INFORMATION GIVEN START

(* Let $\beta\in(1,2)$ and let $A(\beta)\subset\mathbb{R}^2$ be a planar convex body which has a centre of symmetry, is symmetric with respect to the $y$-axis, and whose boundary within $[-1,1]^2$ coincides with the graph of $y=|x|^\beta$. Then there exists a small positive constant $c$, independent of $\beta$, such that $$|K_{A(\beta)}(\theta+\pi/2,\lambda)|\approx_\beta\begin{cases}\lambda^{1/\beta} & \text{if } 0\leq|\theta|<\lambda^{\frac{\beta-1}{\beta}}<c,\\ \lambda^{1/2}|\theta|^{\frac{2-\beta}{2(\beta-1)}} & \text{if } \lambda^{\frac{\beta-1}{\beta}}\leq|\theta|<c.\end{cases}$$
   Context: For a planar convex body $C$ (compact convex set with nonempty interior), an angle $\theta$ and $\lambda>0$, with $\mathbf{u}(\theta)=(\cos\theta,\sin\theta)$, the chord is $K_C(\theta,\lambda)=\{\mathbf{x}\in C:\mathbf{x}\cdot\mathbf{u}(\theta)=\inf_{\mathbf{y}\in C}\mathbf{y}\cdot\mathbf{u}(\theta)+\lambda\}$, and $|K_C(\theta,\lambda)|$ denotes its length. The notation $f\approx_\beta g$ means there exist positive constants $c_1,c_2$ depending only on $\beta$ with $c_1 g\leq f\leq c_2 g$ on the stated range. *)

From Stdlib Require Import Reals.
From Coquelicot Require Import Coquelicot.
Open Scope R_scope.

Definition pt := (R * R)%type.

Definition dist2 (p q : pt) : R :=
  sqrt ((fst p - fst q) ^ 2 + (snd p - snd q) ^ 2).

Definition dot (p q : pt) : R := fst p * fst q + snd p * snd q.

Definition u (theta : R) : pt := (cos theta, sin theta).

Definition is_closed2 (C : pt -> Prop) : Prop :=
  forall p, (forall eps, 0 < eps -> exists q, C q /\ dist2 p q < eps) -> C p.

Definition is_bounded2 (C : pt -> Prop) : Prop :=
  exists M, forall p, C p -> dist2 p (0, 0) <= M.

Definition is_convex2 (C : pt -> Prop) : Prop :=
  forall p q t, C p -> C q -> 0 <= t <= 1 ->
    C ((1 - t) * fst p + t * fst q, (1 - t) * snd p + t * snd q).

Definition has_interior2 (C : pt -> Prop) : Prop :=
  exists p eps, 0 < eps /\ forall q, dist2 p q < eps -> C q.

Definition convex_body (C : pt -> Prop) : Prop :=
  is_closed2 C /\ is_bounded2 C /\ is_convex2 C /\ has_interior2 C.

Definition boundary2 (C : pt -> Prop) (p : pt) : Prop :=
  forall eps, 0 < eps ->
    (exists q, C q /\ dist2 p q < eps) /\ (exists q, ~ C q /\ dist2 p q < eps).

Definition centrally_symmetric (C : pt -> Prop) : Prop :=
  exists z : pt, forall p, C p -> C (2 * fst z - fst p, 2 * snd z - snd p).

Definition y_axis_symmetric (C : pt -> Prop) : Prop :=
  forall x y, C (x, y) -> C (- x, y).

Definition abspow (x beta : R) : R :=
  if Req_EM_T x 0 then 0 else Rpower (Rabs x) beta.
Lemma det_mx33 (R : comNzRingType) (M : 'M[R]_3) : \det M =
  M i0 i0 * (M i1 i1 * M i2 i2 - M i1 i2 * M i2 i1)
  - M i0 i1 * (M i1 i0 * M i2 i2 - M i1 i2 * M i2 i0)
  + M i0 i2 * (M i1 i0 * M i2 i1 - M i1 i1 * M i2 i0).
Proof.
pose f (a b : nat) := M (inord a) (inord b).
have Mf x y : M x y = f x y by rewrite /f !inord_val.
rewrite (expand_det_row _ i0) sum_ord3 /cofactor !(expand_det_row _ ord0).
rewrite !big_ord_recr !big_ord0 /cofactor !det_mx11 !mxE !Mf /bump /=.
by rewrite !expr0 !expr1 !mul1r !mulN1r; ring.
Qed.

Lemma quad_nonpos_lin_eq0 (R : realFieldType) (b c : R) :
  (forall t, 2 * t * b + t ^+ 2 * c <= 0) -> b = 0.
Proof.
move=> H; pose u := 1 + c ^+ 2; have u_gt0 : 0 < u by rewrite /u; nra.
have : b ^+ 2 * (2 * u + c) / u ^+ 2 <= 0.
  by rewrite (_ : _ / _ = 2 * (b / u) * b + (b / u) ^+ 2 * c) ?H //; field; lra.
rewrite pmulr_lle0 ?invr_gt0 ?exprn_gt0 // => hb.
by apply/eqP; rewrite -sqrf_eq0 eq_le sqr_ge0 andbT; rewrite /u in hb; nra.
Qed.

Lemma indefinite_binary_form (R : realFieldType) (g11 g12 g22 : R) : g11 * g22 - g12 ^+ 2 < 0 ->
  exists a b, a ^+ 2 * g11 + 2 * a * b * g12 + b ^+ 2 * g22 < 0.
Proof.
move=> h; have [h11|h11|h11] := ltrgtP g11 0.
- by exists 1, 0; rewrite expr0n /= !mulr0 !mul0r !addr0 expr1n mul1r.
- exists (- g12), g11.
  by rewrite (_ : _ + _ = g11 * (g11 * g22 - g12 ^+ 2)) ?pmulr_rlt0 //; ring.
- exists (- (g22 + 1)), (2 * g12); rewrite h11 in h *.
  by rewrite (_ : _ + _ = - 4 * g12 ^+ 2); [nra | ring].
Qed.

INFORMATION GIVEN END

GOAL OF THE EXERCISE:
Write out the data a second time, exactly the same.

ANSWER TO THIS PROBLEM:
(* Let $\beta\in(1,2)$ and let $A(\beta)\subset\mathbb{R}^2$ be a planar convex body which has a centre of symmetry, is symmetric with respect to the $y$-axis, and whose boundary within $[-1,1]^2$ coincides with the graph of $y=|x|^\beta$. Then there exists a small positive constant $c$, independent of $\beta$, such that $$|K_{A(\beta)}(\theta+\pi/2,\lambda)|\approx_\beta\begin{cases}\lambda^{1/\beta} & \text{if } 0\leq|\theta|<\lambda^{\frac{\beta-1}{\beta}}<c,\\ \lambda^{1/2}|\theta|^{\frac{2-\beta}{2(\beta-1)}} & \text{if } \lambda^{\frac{\beta-1}{\beta}}\leq|\theta|<c.\end{cases}$$
   Context: For a planar convex body $C$ (compact convex set with nonempty interior), an angle $\theta$ and $\lambda>0$, with $\mathbf{u}(\theta)=(\cos\theta,\sin\theta)$, the chord is $K_C(\theta,\lambda)=\{\mathbf{x}\in C:\mathbf{x}\cdot\mathbf{u}(\theta)=\inf_{\mathbf{y}\in C}\mathbf{y}\cdot\mathbf{u}(\theta)+\lambda\}$, and $|K_C(\theta,\lambda)|$ denotes its length. The notation $f\approx_\beta g$ means there exist positive constants $c_1,c_2$ depending only on $\beta$ with $c_1 g\leq f\leq c_2 g$ on the stated range. *)

From Stdlib Require Import Reals.
From Coquelicot Require Import Coquelicot.
Open Scope R_scope.

Definition pt := (R * R)%type.

Definition dist2 (p q : pt) : R :=
  sqrt ((fst p - fst q) ^ 2 + (snd p - snd q) ^ 2).

Definition dot (p q : pt) : R := fst p * fst q + snd p * snd q.

Definition u (theta : R) : pt := (cos theta, sin theta).

Definition is_closed2 (C : pt -> Prop) : Prop :=
  forall p, (forall eps, 0 < eps -> exists q, C q /\ dist2 p q < eps) -> C p.

Definition is_bounded2 (C : pt -> Prop) : Prop :=
  exists M, forall p, C p -> dist2 p (0, 0) <= M.

Definition is_convex2 (C : pt -> Prop) : Prop :=
  forall p q t, C p -> C q -> 0 <= t <= 1 ->
    C ((1 - t) * fst p + t * fst q, (1 - t) * snd p + t * snd q).

Definition has_interior2 (C : pt -> Prop) : Prop :=
  exists p eps, 0 < eps /\ forall q, dist2 p q < eps -> C q.

Definition convex_body (C : pt -> Prop) : Prop :=
  is_closed2 C /\ is_bounded2 C /\ is_convex2 C /\ has_interior2 C.

Definition boundary2 (C : pt -> Prop) (p : pt) : Prop :=
  forall eps, 0 < eps ->
    (exists q, C q /\ dist2 p q < eps) /\ (exists q, ~ C q /\ dist2 p q < eps).

Definition centrally_symmetric (C : pt -> Prop) : Prop :=
  exists z : pt, forall p, C p -> C (2 * fst z - fst p, 2 * snd z - snd p).

Definition y_axis_symmetric (C : pt -> Prop) : Prop :=
  forall x y, C (x, y) -> C (- x, y).

Definition abspow (x beta : R) : R :=
  if Req_EM_T x 0 then 0 else Rpower (Rabs x) beta.
Lemma det_mx33 (R : comNzRingType) (M : 'M[R]_3) : \det M =
  M i0 i0 * (M i1 i1 * M i2 i2 - M i1 i2 * M i2 i1)
  - M i0 i1 * (M i1 i0 * M i2 i2 - M i1 i2 * M i2 i0)
  + M i0 i2 * (M i1 i0 * M i2 i1 - M i1 i1 * M i2 i0).
Proof.
pose f (a b : nat) := M (inord a) (inord b).
have Mf x y : M x y = f x y by rewrite /f !inord_val.
rewrite (expand_det_row _ i0) sum_ord3 /cofactor !(expand_det_row _ ord0).
rewrite !big_ord_recr !big_ord0 /cofactor !det_mx11 !mxE !Mf /bump /=.
by rewrite !expr0 !expr1 !mul1r !mulN1r; ring.
Qed.

Lemma quad_nonpos_lin_eq0 (R : realFieldType) (b c : R) :
  (forall t, 2 * t * b + t ^+ 2 * c <= 0) -> b = 0.
Proof.
move=> H; pose u := 1 + c ^+ 2; have u_gt0 : 0 < u by rewrite /u; nra.
have : b ^+ 2 * (2 * u + c) / u ^+ 2 <= 0.
  by rewrite (_ : _ / _ = 2 * (b / u) * b + (b / u) ^+ 2 * c) ?H //; field; lra.
rewrite pmulr_lle0 ?invr_gt0 ?exprn_gt0 // => hb.
by apply/eqP; rewrite -sqrf_eq0 eq_le sqr_ge0 andbT; rewrite /u in hb; nra.
Qed.

Lemma indefinite_binary_form (R : realFieldType) (g11 g12 g22 : R) : g11 * g22 - g12 ^+ 2 < 0 ->
  exists a b, a ^+ 2 * g11 + 2 * a * b * g12 + b ^+ 2 * g22 < 0.
Proof.
move=> h; have [h11|h11|h11] := ltrgtP g11 0.
- by exists 1, 0; rewrite expr0n /= !mulr0 !mul0r !addr0 expr1n mul1r.
- exists (- g12), g11.
  by rewrite (_ : _ + _ = g11 * (g11 * g22 - g12 ^+ 2)) ?pmulr_rlt0 //; ring.
- exists (- (g22 + 1)), (2 * g12); rewrite h11 in h *.
  by rewrite (_ : _ + _ = - 4 * g12 ^+ 2); [nra | ring].
Qed.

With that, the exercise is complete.